A Apafe (Associação dos Moradores e Produtores Agroextrativistas da Floresta Nacional de Tefé e Entorno) desenvolveu uma marca para a farinha produzida nas comunidades, explicitando a origem e qualidade do produto. Nesse caso, o quilo da farinha pode alcançar R$ 14.

“A produção caiu muito, e há uma perda bem crescente das plantações”, afirma Zila de Castro, 38, que integra o conselho da Apafe.

A seca afeta a produção de agricultura familiar e o manejo de pesca de forma distinta em diferentes comunidades.

No Jurupari, no rio Japurá, os indígenas kokamas têm conseguido capturar poucos pirarucus, após longas jornadas para alcançar os lagos e transportar o peixe nas costas, em um percurso onde antes existia água. Eles também pescam tambaqui e surubim. Os peixes são levados para a feira de Alvarães (AM).

E, na comunidade Santa Clara, onde o Solimões também virou deserto, os agricultores desistiram de plantar melancia, após perdas em 2023. O cultivo de hortaliças, neste ano, foi deslocado para mais perto da água, em áreas que inundam na cheia.

Pescadores e agricultores que vivem diretamente os impactos da crise climática dizem que, apesar da previsibilidade da seca severa em 2024, não houve ações preventivas ou emergenciais por parte do poder público.

Os trabalhadores do pirarucu cobram acesso a cestas básicas e água potável, adiamento dos prazos dos planos de manejo do pirarucu e do tambaqui, antecipação do pagamento do seguro defeso —pago durante o período de reprodução de peixes.

Os produtores de farinha querem que as comunidades sejam equipadas com veículos que facilitem a logística durante a seca, além de apoio para escoar a produção.

Os municípios de Tefé, Alvarães e Maraã — aos quais estão ligadas as comunidades percorridas pela reportagem — não responderam aos questionamentos.

O governo Lula (PT) disse ter entregue 13 mil cestas de alimentos a famílias impactadas pela seca, por meio do Ministério do Desenvolvimento e Assistência Social. Entre elas, 850 cestas para pescadores e extrativistas na região de Tefé e 80 para pescadores na região de Alvarães.

A previsão é de que sejam entregues mais 10 mil cestas de alimentos no médio Solimões.

No último dia 10, Lula visitou Tefé e anunciou medidas de combate à seca no Amazonas. Segundo o Ministério do Meio Ambiente e Mudança do Clima, estados e municípios recebem recursos pelo Sistema Nacional de Defesa Civil, que podem ser usados na compra de água e comida. Uma sala de crise foi criada pelo governo para prestar assistência, disse a pasta.

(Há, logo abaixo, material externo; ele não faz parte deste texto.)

Lemma cmeasurableD f g :
  cmeasurable f -> cmeasurable g -> cmeasurable (fun t => f t + g t).
Proof.
move=> [fR fI] [gR gI]; split.
- have -> : (fun t => complex.Re (f t + g t)) =
            (fun t => complex.Re (f t)) \+ (fun t => complex.Re (g t)).
    by apply/funext => t /=; case: (f t); case: (g t).
  exact: measurable_funD.
- have -> : (fun t => complex.Im (f t + g t)) =
            (fun t => complex.Im (f t)) \+ (fun t => complex.Im (g t)).
    by apply/funext => t /=; case: (f t); case: (g t).
  exact: measurable_funD.
Qed.

Lemma cmeasurableM f g :
  cmeasurable f -> cmeasurable g -> cmeasurable (fun t => f t * g t).
Proof.
move=> [fR fI] [gR gI]; split.
- have -> : (fun t => complex.Re (f t * g t)) =
      (fun t => complex.Re (f t)) \* (fun t => complex.Re (g t)) \-
      (fun t => complex.Im (f t)) \* (fun t => complex.Im (g t)).
    by apply/funext => t /=; case: (f t); case: (g t).
  by apply: measurable_funB; apply: measurable_funM.
- have -> : (fun t => complex.Im (f t * g t)) =
      (fun t => complex.Re (f t)) \* (fun t => complex.Im (g t)) \+
      (fun t => complex.Im (f t)) \* (fun t => complex.Re (g t)).
    by apply/funext => t /=; case: (f t) => ? ?; case: (g t).
  by apply: measurable_funD; apply: measurable_funM.
Qed.
Theorem theorem1 :
  exists C : R, forall (k n : nat) (A : list nat),
    (3 <= k)%nat -> (2 ^ (k - 1) <= n)%nat ->
    NoDup A -> (forall m, In m A -> (1 <= m <= n)%nat) ->
    ~ contains_kGP k A ->
    INR n - INR (length A) >= ck k * INR n - C * (ln (INR n) / INR k).
Proof.
  exists 17. intros k n A Hk Hn HA HArange Hfree.
  assert (Hn1 : (1 <= n)%nat) by (pose proof (pow_ge_1 2 (k - 1) ltac:(lia)); lia).
  destruct (window_exists k Hk) as [a [b [Ha [Hb [Hwin Hck]]]]].
  destruct (levels_exist k n ltac:(lia) Hn1) as [d [Hd Hdlog]].
  pose proof (kGP_free_count k n A a b d ltac:(lia) HA HArange Hfree Ha Hb Hwin) as Hcount.
  apply le_INR in Hcount. rewrite !plus_INR in Hcount.
  pose proof (bases_length_ge k d n ltac:(lia) Hd).
  pose proof (units6_length_ge n a b Ha Hb).
  pose proof (ln_over_k_ge k n Hk Hn).
  assert (ck k * INR n <= (/ (2 ^ k - 1) + (/ INR a - / INR b) / 3) * INR n)
    by (apply Rmult_le_compat_r; [apply pos_INR | exact Hck]).
  unfold Rdiv in *. lra.
Qed.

Em nota, a gestão do governador do Amazonas, Wilson Lima (União Brasil), afirmou que “questões logísticas” atrapalharam a entrega de 2.000 cestas básicas destinadas a Maraã no último dia 14. Também estão previstas 2.000 cestas para a região de Alvarães. Segundo o governo, as duas cidades contam com purificadores de água.

Onde há manejo de pirarucu, a esperança é por um repiquete, um aumento momentâneo do volume de água antes da cheia. Se o igarapé subir 5 metros, os pescadores tentarão alcançar os pirarucus.